The affidavits reflect that on July 21, 2011, prior to defendant's decision to accept the plea, Ms. Mariano and Ms. Schechter met with defendant to prepare for trial.*fn2 They discussed, among other things, witness testimony, jury instructions, and defendant's right to testify. They also advised defendant as to their opinion of the likelihood of an acquittal based upon their review of the charges and the evidence. Further, they provided their opinion as to whether defendant should accept the government's plea offer, as they are ethically required to do. See Boria v. Keane, 99 F.3d 492 (2d Cir. 1996) (counsel was ineffective where he failed to render an informed opinion that the plea should have been accepted). Ms. Schechter and Ms. Mariano warned defendant of the potential penalties he faced if he were to be convicted following a trial. They also advised defendant that should he elect to proceed to trial, they would represent him to the best of their ability.

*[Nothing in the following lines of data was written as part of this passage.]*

Lemma weighted_grad_log_sq_continuity x0 y0 r u v : 0 < u ->
  continuity_2d_pt (weighted_grad_log_sq x0 y0 r) u v.
Proof.
  intros Hu. unfold weighted_grad_log_sq, grad_log_sq, cutoff, Rdiv. simpl.
  assert (Hf : f u v <> 0) by (apply Rgt_not_eq, Hpos, Hu).
  pose proof (S_continuity_2d f u v Sf Hu).
  pose proof (S_continuity_2d (DX f) u v (S_DX f Sf) Hu).
  pose proof (S_continuity_2d (DY f) u v (S_DY f Sf) Hu).
  repeat first [ apply continuity_2d_pt_const | apply continuity_2d_pt_id1
               | apply continuity_2d_pt_id2 | assumption
               | apply continuity_2d_pt_mult | apply continuity_2d_pt_plus
               | apply continuity_2d_pt_minus | apply continuity_2d_pt_opp
               | apply continuity_2d_pt_inv ].
Qed.

Lemma weighted_critical_x x0 y0 r xm ym d : 0 < d -> r <> 0 ->
  (forall t, Rabs (t - xm) < d ->
     0 < t /\ weighted_grad_log_sq x0 y0 r t ym <= weighted_grad_log_sq x0 y0 r xm ym) ->
  let W := jet_mul (cutoff_jet x0 r xm) (jet_const (cutoff ((ym - y0) / r))) in
  let Q := grad_log_sq_jet (x_jet f xm ym) (x_jet (DX f) xm ym) (x_jet (DY f) xm ym) in
  jet1 (jet_mul W Q) = 0 /\ jet2 (jet_mul W Q) <= 0.
Proof.
  intros Hd Hr Hmax W Q.
  apply (jet_local_max (fun t => 0 < t) (fun t => jet_mul
    (jet_mul (cutoff_jet x0 r t) (jet_const (cutoff ((ym - y0) / r))))
    (grad_log_sq_jet (x_jet f t ym) (x_jet (DX f) t ym) (x_jet (DY f) t ym))) xm d Hd);
    [| exact Hmax].
  apply has_jet_mul; [apply has_jet_mul; [apply has_jet_cutoff, Hr | apply has_jet_const] |].
  apply has_jet_grad_log_sq; auto using has_jet_x_jet, S_DX, S_DY.
  intros t Ht. apply Rgt_not_eq, Hpos, Ht.
Qed.

Lemma weighted_critical_y x0 y0 r xm ym d : 0 < d -> r <> 0 -> 0 < xm ->
  (forall t, Rabs (t - ym) < d ->
     weighted_grad_log_sq x0 y0 r xm t <= weighted_grad_log_sq x0 y0 r xm ym) ->
  let W := jet_mul (cutoff_jet y0 r ym) (jet_const (cutoff ((xm - x0) / r))) in
  let Q := grad_log_sq_jet (y_jet f xm ym)
             (Jet (DX f xm ym) (DX (DY f) xm ym) (DY (DX (DY f)) xm ym)) (y_jet (DY f) xm ym) in
  jet1 (jet_mul W Q) = 0 /\ jet2 (jet_mul W Q) <= 0.
Proof.
  intros Hd Hr Hxm Hmax W Q.
  destruct (jet_local_max (fun _ => True) (fun t => jet_mul
    (jet_mul (cutoff_jet y0 r t) (jet_const (cutoff ((xm - x0) / r))))
    (grad_log_sq_jet (y_jet f xm t) (y_jet (DX f) xm t) (y_jet (DY f) xm t))) ym d Hd)
    as [H1 H2].
  - apply has_jet_mul; [apply has_jet_mul; [apply has_jet_cutoff, Hr | apply has_jet_const] |].
    apply has_jet_grad_log_sq; auto using has_jet_y_jet, S_DX, S_DY.
    intros t _. apply Rgt_not_eq, Hpos, Hxm.
  - intros t Ht. split; [exact I |]. specialize (Hmax t Ht).
    unfold weighted_grad_log_sq in Hmax.
    change (cutoff ((t - y0) / r) * cutoff ((xm - x0) / r)
         * grad_log_sq (f xm t) (DX f xm t) (DY f xm t)
      <= cutoff ((ym - y0) / r) * cutoff ((xm - x0) / r)
         * grad_log_sq (f xm ym) (DX f xm ym) (DY f xm ym)).
    lra.
  - (* the mixed partials of the y-jet of [f_x] are rewritten as those of the x-jet of [f_y] *)
    unfold y_jet in H1, H2. rewrite <- (DX_DY_comm f xm ym Sf Hxm) in H1, H2.
    rewrite (DY_congr (DY (DX f)) (DX (DY f)) xm ym (S_DY _ (S_DX _ Sf)) (S_DX _ (S_DY _ Sf)) Hxm
      (fun v => eq_sym (DX_DY_comm f xm v Sf Hxm))) in H2.
    split; assumption.
Qed.
(* Consider the Markov-chain trace semantics of an APPL program $\langle\mathcal{D},S_{\mathsf{main}}\rangle$ with stopping time $T$, fix $m\in\mathbb{N}$, and let $\psi:\Sigma\to\mathcal{M}_{\mathcal{R}}^{(m)}$ be an expected-potential function for upper bounds on stopping time, where $\mathcal{R}=([0,\infty],\le,+,\cdot,0,1)$. Let $A_n(\omega)=\langle n^k\rangle_{0\le k\le m}$, $A_T(\omega)=A_{T(\omega)}(\omega)=\langle T(\omega)^k\rangle_{0\le k\le m}$ and $\Psi_0(\omega)=\psi(\omega_0)$. Then $\mathbb{E}[A_T]\sqsubseteq\mathbb{E}[\Psi_0]$.
   Context: APPL: fix finite sets $\mathsf{VID}$ (real-valued program variables) and $\mathsf{FID}$. Expressions $E::=x\mid c\mid E_1+E_2\mid E_1*E_2$; conditions $L::=\mathsf{true}\mid\neg L\mid L_1\wedge L_2\mid E_1\le E_2$; distributions $D$ with probability measures $\mu_D$ on $\mathbb{R}$; statements $S::=\mathsf{skip}\mid\mathsf{tick}(c)\mid x:=E\mid x\sim D\mid\mathsf{call}\ f\mid\mathsf{while}\ L\ \mathsf{do}\ S\mid\mathsf{if}\ \mathsf{prob}(p)\ \mathsf{then}\ S_1\ \mathsf{else}\ S_2\mid\mathsf{if}\ L\ \mathsf{then}\ S_1\ \mathsf{else}\ S_2\mid S_1;S_2$; program $\langle\mathcal{D},S_{\mathsf{main}}\rangle$ with $\mathcal{D}:\mathsf{FID}\to$ statements. Continuations $K::=\mathsf{Kstop}\mid\mathsf{Kloop}(L,S,K)\mid\mathsf{Kseq}(S,K)$. Configurations $\sigma=\langle\gamma,S,K,\alpha\rangle$, $\gamma:\mathsf{VID}\to\mathbb{R}$, $\alpha\in\mathbb{R}$; $\Sigma$ the measurable space of configurations. One-step kernel $\mapsto$: $\langle\gamma,\mathsf{skip},\mathsf{Kstop},\alpha\rangle\mapsto\delta(\text{itself})$; $\langle\gamma,\mathsf{skip},\mathsf{Kloop}(L,S,K),\alpha\rangle\mapsto\delta(\langle\gamma,S,\mathsf{Kloop}(L,S,K),\alpha\rangle)$ if $\gamma(L)$ true else $\delta(\langle\gamma,\mathsf{skip},K,\alpha\rangle)$; $\langle\gamma,\mathsf{skip},\mathsf{Kseq}(S,K),\alpha\rangle\mapsto\delta(\langle\gamma,S,K,\alpha\rangle)$; $\mathsf{tick}(c)$: $\delta(\langle\gamma,\mathsf{skip},K,\alpha+c\rangle)$; $x:=E$: $\delta(\langle\gamma[x\mapsto\gamma(E)],\mathsf{skip},K,\alpha\rangle)$; $x\sim D$: law of $\langle\gamma[x\mapsto r],\mathsf{skip},K,\alpha\rangle$, $r\sim\mu_D$; $\mathsf{call}\ f$: $\delta(\langle\gamma,\mathcal{D}(f),K,\alpha\rangle)$; probabilistic branch: $p\,\delta(\langle\gamma,S_1,K,\alpha\rangle)+(1-p)\,\delta(\langle\gamma,S_2,K,\alpha\rangle)$; conditional according to $\gamma(L)$; $\mathsf{while}\ L\ \mathsf{do}\ S$: $\delta(\langle\gamma,\mathsf{skip},\mathsf{Kloop}(L,S,K),\alpha\rangle)$; $S_1;S_2$: $\delta(\langle\gamma,S_1,\mathsf{Kseq}(S_2,K),\alpha\rangle)$. $\Omega=\Sigma^{\mathbb{Z}_{\ge0}}$ with $\mathbb{P}$ the law of the Markov chain started at $\langle\lambda\_.0,S_{\mathsf{main}},\mathsf{Kstop},0\rangle$ with kernel $\mapsto$; $T(\omega)=\inf\{n:\omega_n=\langle\_,\mathsf{skip},\mathsf{Kstop},\_\rangle\}\in\mathbb{Z}_{\ge0}\cup\{\infty\}$. $\mathcal{M}_{\mathcal{R}}^{(m)}$ is the set of vectors $\langle u_k\rangle_{0\le k\le m}$ over $[0,\infty]$ with pointwise $\oplus$, $\langle u_k\rangle\otimes\langle v_k\rangle=\langle\sum_{i=0}^k\binom{k}{i}u_iv_{k-i}\rangle_{0\le k\le m}$, $\underline{1}=\langle1,0,\dots,0\rangle$, and pointwise order $\sqsubseteq$; expectations are componentwise. A (measurable) map $\psi:\Sigma\to\mathcal{M}_{\mathcal{R}}^{(m)}$ is an expected-potential function for upper bounds on stopping time if (i) $\psi(\sigma)_0=1$ for all $\sigma$, (ii) $\psi(\sigma)=\underline{1}$ if $\sigma=\langle\_,\mathsf{skip},\mathsf{Kstop},\_\rangle$, and (iii) $\psi(\sigma)\sqsupseteq\mathbb{E}_{\sigma'\sim{\mapsto}(\sigma)}[\langle1,1,\dots,1\rangle\otimes\psi(\sigma')]$ for every non-terminating configuration $\sigma$. *)

From HB Require Import structures.
From mathcomp Require Import all_boot all_order all_algebra.
From mathcomp Require Import all_classical all_reals all_analysis.
From mathcomp Require Import measurable_realfun lebesgue_measure lebesgue_integral probability.
Set Implicit Arguments.
Unset Strict Implicit.
Unset Printing Implicit Defensive.
Import Order.TTheory GRing.Theory Num.Theory.
Local Open Scope classical_set_scope.
Local Open Scope ring_scope.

Additionally, Ms. Schechter's affidavit sets forth the significant steps she took to prepare defendant's case for trial including reviewing over 1,000 pages of discovery, conducting witness interviews, researching a number of legal issues and drafting a motion in limine, jury charges and a witness list. In the course of preparing the case for trial, Ms. Schechter met with the defendant nine times and spoke with him on the telephone on multiple occasions. She sent defendant over sixty letters responding to his questions and advising him of the status of the case as well as the legal issues. Through these communications she sought his input and assistance in preparing a defense.

The affidavits reflect that defendant's former counsel fulfilled their obligation to render informed opinions on plea offers and that they were preparing for trial in the event that defendant chose to persist in his not-guilty plea. Defense counsel acted in a prudent and appropriate manner consistent with both their ethical obligations and their duty to zealously represent their client. At the time defendant accepted the plea, his counsel was actively preparing the case for trial. Defendant's conclusory assertions that his plea was involuntary are wholly unsupported by both the record of the plea proceeding and his former counsel's sworn affidavits. There is simply no indication that defendant was unduly pressured or coerced into accepting a plea.


For the reasons stated above, defendant's motion to withdraw his plea of guilty is denied. Sentencing will be held on June 13, 2012 at 12:30 p.m.